When tasked with finding the area under a curve, you're essentially looking at the amount of space between a graph of a function and the x-axis over a given interval. For the function in question, the area lies between the curve of the function \(y = 2^{1-x}\) and the x-axis, from \(x = -1\) to \(x = 1\). To calculate this, you integrate the function over the specified interval. This gives you the total accumulation of the function's values between these bounds. In simple terms, integration sums up tiny slices of the area to provide the total area under the curve.

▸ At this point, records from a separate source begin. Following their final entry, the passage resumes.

(* Let $\|\cdot\|$ be a norm on $\mathbb{R}^2$. For every $\phi\in\mathsf{D}_0$ and every $\psi\in\big(\pi_{\Omega^\circ},\,2\pi_{\Omega^\circ}-\delta_-(\phi)\big)$ with $\phi+\psi\in\mathsf{D}_0$, one has $\mathcal{J}_R(\phi,\psi)>0$. In particular, if the norm is $C^1$, then $\mathcal{J}_R(\phi,\psi)>0$ for all $\phi\in\mathsf{D}_0$ and $\psi\in(\pi_{\Omega^\circ},2\pi_{\Omega^\circ})$ with $\phi+\psi\in\mathsf{D}_0$.
   Context: Regularity of the norm: the norm is called $C^1$ if it is of class $C^1$ on $\mathbb{R}^2\setminus\{0\}$. Convex trigonometry: let $\Omega=\{x:\|x\|\le1\}$ and $\Omega^\circ=\{p:\langle p,x\rangle\le1\ \forall x\in\Omega\}$ (the closed unit ball of the dual norm). For a compact convex $S\subset\mathbb{R}^2$ with $0$ in its interior, let $\pi_S$ be the area of $S$; for $\theta\in[0,2\pi_S)$ let $P^S_\theta\in\partial S$ be the point such that the region of $S$ swept counterclockwise from the ray through $(1,0)$ to the ray through $P^S_\theta$ has area $\theta/2$; extend $2\pi_S$-periodically and write $P^S_\theta=(\cos_S\theta,\sin_S\theta)$. Angles $\theta$ and $\phi$ correspond if $\cos_\Omega(\theta)\cos_{\Omega^\circ}(\phi)+\sin_\Omega(\theta)\sin_{\Omega^\circ}(\phi)=1$. $C_\circ$ is the nondecreasing (possibly multivalued) map on $\mathbb{R}$ assigning to $\phi$ the maximal closed interval of angles $\theta$ corresponding to $\phi$, normalized so that $C_\circ(\phi+2k\pi_{\Omega^\circ})=C_\circ(\phi)+2k\pi_\Omega$ for $k\in\mathbb{Z}$; $C^\circ$ is defined symmetrically, and $\delta_\pm(\phi)\ge0$ are defined by $C^\circ(C_\circ(\phi))=[\phi-\delta_-(\phi),\phi+\delta_+(\phi)]$. $\mathsf{D}_0$ is the set of angles where $C_\circ$ is single-valued (equivalently where $\sin_{\Omega^\circ},\cos_{\Omega^\circ}$ are differentiable); for $\phi\in\mathsf{D}_0$ write $\phi_\circ=C_\circ(\phi)$. Reduced Jacobian: for $\phi,\phi+\psi\in\mathsf{D}_0$, $\mathcal{J}_R(\phi,\psi)=2-\big(\sin_{\Omega^\circ}(\phi+\psi)\sin_\Omega(\phi_\circ)+\cos_{\Omega^\circ}(\phi+\psi)\cos_\Omega(\phi_\circ)\big)-\big(\sin_\Omega((\phi+\psi)_\circ)\sin_{\Omega^\circ}(\phi)+\cos_\Omega((\phi+\psi)_\circ)\cos_{\Omega^\circ}(\phi)\big)-\psi\big(\sin_\Omega((\phi+\psi)_\circ)\cos_\Omega(\phi_\circ)-\cos_\Omega((\phi+\psi)_\circ)\sin_\Omega(\phi_\circ)\big)$. *)

From Stdlib Require Import Reals Lra ZArith ClassicalEpsilon.
From Coquelicot Require Import Coquelicot.
Open Scope R_scope.

Definition dot2 (p x : R * R) : R := fst p * fst x + snd p * snd x.

Definition is_norm2 (N : R * R -> R) : Prop :=
  (forall x, 0 <= N x) /\
  (forall x, N x = 0 -> x = (0, 0)) /\
  (forall (l : R) x, N (l * fst x, l * snd x) = Rabs l * N x) /\
  (forall x y, N (fst x + fst y, snd x + snd y) <= N x + N y).

Definition norm_C1 (N : R * R -> R) : Prop :=
  exists dx dy : R -> R -> R,
    forall x y, (x, y) <> (0, 0) ->
      differentiable_pt_lim (fun u v => N (u, v)) x y (dx x y) (dy x y) /\
      continuity_2d_pt dx x y /\ continuity_2d_pt dy x y.
Lemma delta2sq_gt0 : (0 < n)%N -> 0 < delta2sq w part.
Proof.
move=> n0; rewrite delta2sqE big_ltn // hardy_constS hardy_const0 mulr0 addr0.
apply: ltr_wpDr; last by rewrite mul1r invr_gt0 K_gt0.
rewrite big_seq_cond sumr_ge0 // => m /andP[].
by rewrite mem_index_iota => /andP[_ mn] _; apply: hardy_const_ge0.
Qed.

Lemma sum_by_layers (h : V -> R) :
  \sum_v h v = \sum_(0 <= m < n.+1) \sum_(v in S m) h v.
Proof.
rewrite (partition_big part predT) //= big_mkord.
by apply: eq_bigr => j _; apply: eq_bigl => v; rewrite mem_Spart.
Qed.

Section VanishingOnS0.
Variable f : V -> R.
Hypothesis f_S0 : forall v, v \in S 0 -> f v = 0.

Definition layer_mass m := \sum_(v in S m) f v ^+ 2.
Definition layer_energy m :=
  \sum_(u in S m) \sum_(v in S m.+1) w u v * (f v - f u) ^+ 2.
Definition energy_upto m := \sum_(0 <= k < m) layer_energy k.

Lemma layer_energy_ge0 m : 0 <= layer_energy m.
Proof. by do 2!apply: sumr_ge0 => ? _; rewrite mulr_ge0 ?sqr_ge0. Qed.

Lemma energy_upto_ge0 m : 0 <= energy_upto m.
Proof. by apply: sumr_ge0 => k _; apply: layer_energy_ge0. Qed.

Lemma energy_upto_le m p : (m <= p)%N -> energy_upto m <= energy_upto p.
Proof.
move=> mp; rewrite /energy_upto (big_cat_nat (leq0n m) mp) /= lerDl.
by apply: sumr_ge0 => k _; apply: layer_energy_ge0.
Qed.

Lemma layer_mass0 : layer_mass 0 = 0.
Proof. by rewrite /layer_mass big1 // => v /f_S0 ->; rewrite expr0n. Qed.

Lemma layer_mass_step m : (m < n)%N ->
  layer_mass m <= hardy_const m * energy_upto m ->
  layer_mass m.+1 <= hardy_const m.+1 * energy_upto m.+1.
Proof.
move=> mn IH; set rho := D m * hardy_const m.
have Km0 := K_gt0 mn.
have inflow : K m * layer_mass m.+1 <=
    \sum_(u in S m) \sum_(v in S m.+1) w u v * f v ^+ 2.
  rewrite /layer_mass mulr_sumr exchange_big /=; apply: ler_sum => v vS.
  by rewrite -mulr_suml ler_wpM2r ?sqr_ge0 //; apply: finmin_le.
have outflow : \sum_(u in S m) \sum_(v in S m.+1) w u v * f u ^+ 2 <=
    rho * energy_upto m.
  apply: (@le_trans _ _ (D m * layer_mass m)); last first.
    by rewrite /rho -mulrA ler_wpM2l ?Dm_ge0.
  rewrite /layer_mass mulr_sumr; apply: ler_sum => u uS.
  rewrite -mulr_suml ler_wpM2r ?sqr_ge0 //.
  under eq_bigr do rewrite w_sym.
  exact: finmax_ge.
have young r : 0 < r -> r * (K m * layer_mass m.+1) <=
    r * (1 + r) * layer_energy m +
    (1 + r) * \sum_(u in S m) \sum_(v in S m.+1) w u v * f u ^+ 2.
  move=> r0; apply: le_trans (ler_wpM2l (ltW r0) inflow) _.
  rewrite !mulr_sumr -big_split /=; apply: ler_sum => u _.
  rewrite !mulr_sumr -big_split /=; apply: ler_sum => v _.
  rewrite mulrCA [_ * (1 + r) * _]mulrCA [(1 + r) * _]mulrCA -mulrDr.
  by rewrite ler_wpM2l // peter_paul_sqr.
have rho0 : 0 <= rho := mulr_ge0 (Dm_ge0 m) (hardy_const_ge0 (ltnW mn)).
have := le_of_peter_paul rho0 (layer_energy_ge0 m) (energy_upto_ge0 m) outflow young.
rewrite hardy_constS -/rho /energy_upto big_nat_recr //= -/(energy_upto m).
by rewrite mulrAC ler_pdivlMr // mulrC addrC.
Qed.
Theorem proposition1
  (X H : Type) (K : nat) (HK : (2 <= K)%nat)
  (EX : (X -> R) -> R) (HEX : is_expectation EX)
  (EQ : (H -> R) -> R) (HEQ : is_expectation EQ)
  (clf : H -> X -> nat) (Hclf : forall h x, (clf h x < K)%nat)
  (eta : X -> nat -> R)
  (Heta_nonneg : forall x j, (j < K)%nat -> 0 <= eta x j)
  (Heta_sum : forall x, sumK K (eta x) = 1)
  (p : nat -> nat -> R)
  (Hp_nonneg : forall i j, (i < K)%nat -> (j < K)%nat -> 0 <= p i j)
  (Hp_sum : forall j, (j < K)%nat -> sumK K (fun i => p i j) = 1)
  (Hmu1 : 0 < mu1 K EX EQ clf p eta) :
  risk_opt K EX eta
    <= 1 - (1 / beta K p) * ((mu1 K EX EQ clf p eta) ^ 2 / mu2 K EX EQ clf p eta).
Proof.
  assert (HK0 : (0 < K)%nat) by lia.
  unfold risk_opt; rewrite E_one_sub; [| exact HEX | apply maxK_eta_bounded; auto].
  enough (1 / beta K p * (mu1 K EX EQ clf p eta ^ 2 / mu2 K EX EQ clf p eta)
          <= EX (fun x => maxK K (eta x))) by lra.
  apply ratio_le_of_sq_le; [exact Hmu1 | apply mu2_nonneg | apply beta_nonneg
                            | apply mu1_sq_le]; auto.
Qed.
Lemma block_inj i j j' :
  j \in J -> j' \in J -> i \in block j -> i \in block j' -> j = j'.
Proof.
move=> jJ j'J; rewrite !mem_block.
move=> /and3P [_ le_ji /forall_inP lt_j] /and3P [_ le_j'i /forall_inP lt_j'].
apply: key_inj; case: (ltngtP (key j) (key j')) => // [lt_jj'|lt_j'j].
  by have := implyP (lt_j _ j'J) lt_jj'; rewrite ltnNge le_j'i.
by have := implyP (lt_j' _ jJ) lt_j'j; rewrite ltnNge le_ji.
Qed.

Lemma block0_block i j : j \in J -> i \in block0 -> i \notin block j.
Proof.
move=> jJ; rewrite mem_block0 mem_block => /andP [_ /forall_inP lt_i].
by apply/and3P => -[_ le_ji _]; have := lt_i _ jJ; rewrite ltnNge le_ji.
Qed.

Lemma block_cover i :
  i \in supp a -> i \notin block0 -> exists2 j, j \in J & i \in block j.
Proof.
rewrite mem_block0 => iS; rewrite iS /= negb_forall_in => /exists_inP [j0 j0J].
rewrite -leqNgt => le_j0i.
have [j /andP [jJ le_ji] max_j] := @arg_maxnP _ j0
  (fun j => (j \in J) && (key j <= key i)%N) key (introT andP (conj j0J le_j0i)).
exists j => //; rewrite mem_block iS le_ji /=.
apply/forall_inP => j' j'J; apply/implyP => lt_jj'; rewrite ltnNge; apply/negP => le_j'i.
have : (key j' <= key j)%N := max_j j' (introT andP (conj j'J le_j'i)).
by rewrite leqNgt lt_jj'.
Qed.

Local Notation sortedJ := (sortedJ p a J).

Lemma perm_sortedJ : perm_eq sortedJ (enum J).
Proof. by rewrite perm_sort. Qed.

Lemma sortedJ_uniq : uniq sortedJ.
Proof. by rewrite (perm_uniq perm_sortedJ) enum_uniq. Qed.

Lemma mem_sortedJ j : (j \in sortedJ) = (j \in J).
Proof. by rewrite (perm_mem perm_sortedJ) mem_enum. Qed.

Lemma size_sortedJ : size sortedJ = #|J|.
Proof. by rewrite (perm_size perm_sortedJ) cardE. Qed.

Lemma restrict_blocks i :
  (restrict a block0 i + \sum_(j <- sortedJ) restrict a (block j) i)%N = a i.
Proof.
rewrite (perm_big _ perm_sortedJ) big_enum /= {1}/restrict.
have [iS | ] := boolP (i \in supp a); last first.
  rewrite inE negbK => /eqP ai0; rewrite big1 => [|j _]; rewrite /restrict ai0; by case: ifP.
have [i0 | i0] := boolP (i \in block0).
  by rewrite big1 ?addn0 // => j jJ; rewrite /restrict (negbTE (block0_block jJ i0)).
have [j0 j0J ij0] := block_cover iS i0.
rewrite add0n (bigD1 j0) //= big1 ?addn0 /restrict ?ij0 // => j /andP [jJ ne_jj0].
by case: ifP => // ij; rewrite (block_inj jJ j0J ij ij0) eqxx in ne_jj0.
Qed.

Lemma block_subset j : block j \subset supp a.
Proof. by apply/subsetP => i /block_supp. Qed.

Lemma valw_block j : j \in J -> valw p (restrict a (block j)) = logn p (a j).
Proof.
move=> jJ; have jB := mem_block_self jJ.
have restrict_block i : i \in block j -> restrict a (block j) i = a i.
  by rewrite /restrict => ->.
rewrite (@valw_eq _ _ _ j) ?supp_restrict ?block_subset ?restrict_block //.
by move=> i iB; rewrite !restrict_block //; apply/logn_le_key/key_le_block.
Qed.

End Blocks.

End WeightOrder.

(** * Identities in the de Rham-Witt complex *)

Section DeRhamWittIdentities.
Variables (p n : nat) (A : pzRingType) (t : 'I_n -> A) (d F : A -> A).
Hypothesis hax : dRW_axioms p t d F.

Local Notation teichX := (teichX t).

Lemma comm_t x i : GRing.comm x (t i).
Proof. exact/esym/(dRW_t_central hax). Qed.

Lemma comm_teichX x b : GRing.comm x (teichX b).
Proof. by apply: commr_prod => i _; apply/commrX/comm_t. Qed.

Lemma teichXD b c : teichX (fun i => b i + c i)%N = teichX b * teichX c.
Proof.
rewrite /Defs.teichX -prodrM_comm => [|i j _ _]; last exact/commr_sym/commrX/comm_t.
by apply: eq_bigr => i _; rewrite exprD.
Qed.

Lemma eq_teichX b c : b =1 c -> teichX b = teichX c.
Proof. by move=> eq_bc; apply: eq_bigr => i _; rewrite eq_bc. Qed.

Lemma teichX_sum (I : Type) (s : seq I) (f : I -> 'I_n -> nat) :
  \prod_(x <- s) teichX (f x) = teichX (fun k => \sum_(x <- s) f x k)%N.
Proof.
elim: s => [|x s IHs]; first by rewrite big_nil /Defs.teichX big1 // => i _; rewrite big_nil.
by rewrite big_cons IHs -teichXD; apply: eq_teichX => k; rewrite big_cons.
Qed.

Integration is a powerful mathematical tool that lets us find areas, among other things. For the specific function \(y = 2^{1-x}\), direct integration requires a clever technique. We use substitution to simplify it. Begin by letting \(u = 1-x\). Consequently, \(du = -dx\). By substituting \(u\) into the integral, we transform our problem:

• The integral of \(2^{1-x}\) becomes \(-\int 2^{u} \, du\).

This step, known as substitution, makes the integration process straightforward. The advantage here is it turns potentially complex integrals into easier ones, enabling the calculation of the antiderivative using more basic formulas.

One essential part of using substitution in integrals is adjusting the limits of integration. Initially, the function \(2^{1-x}\) was integrated from \(x = -1\) to \(x = 1\). Once we substitute \(u = 1-x\), these limits transform as well:

• When \(x = -1\), \(u = 2\).
• When \(x = 1\), \(u = 0\).

Now, the integral \(-\int_{2}^{0} 2^{u} \, du\) captures the same area under the curve. This change simplifies our calculations and allows us to proceed smoothly with finding the antiderivative and solving the integral, ensuring we accurately evaluate the area between the defined limits.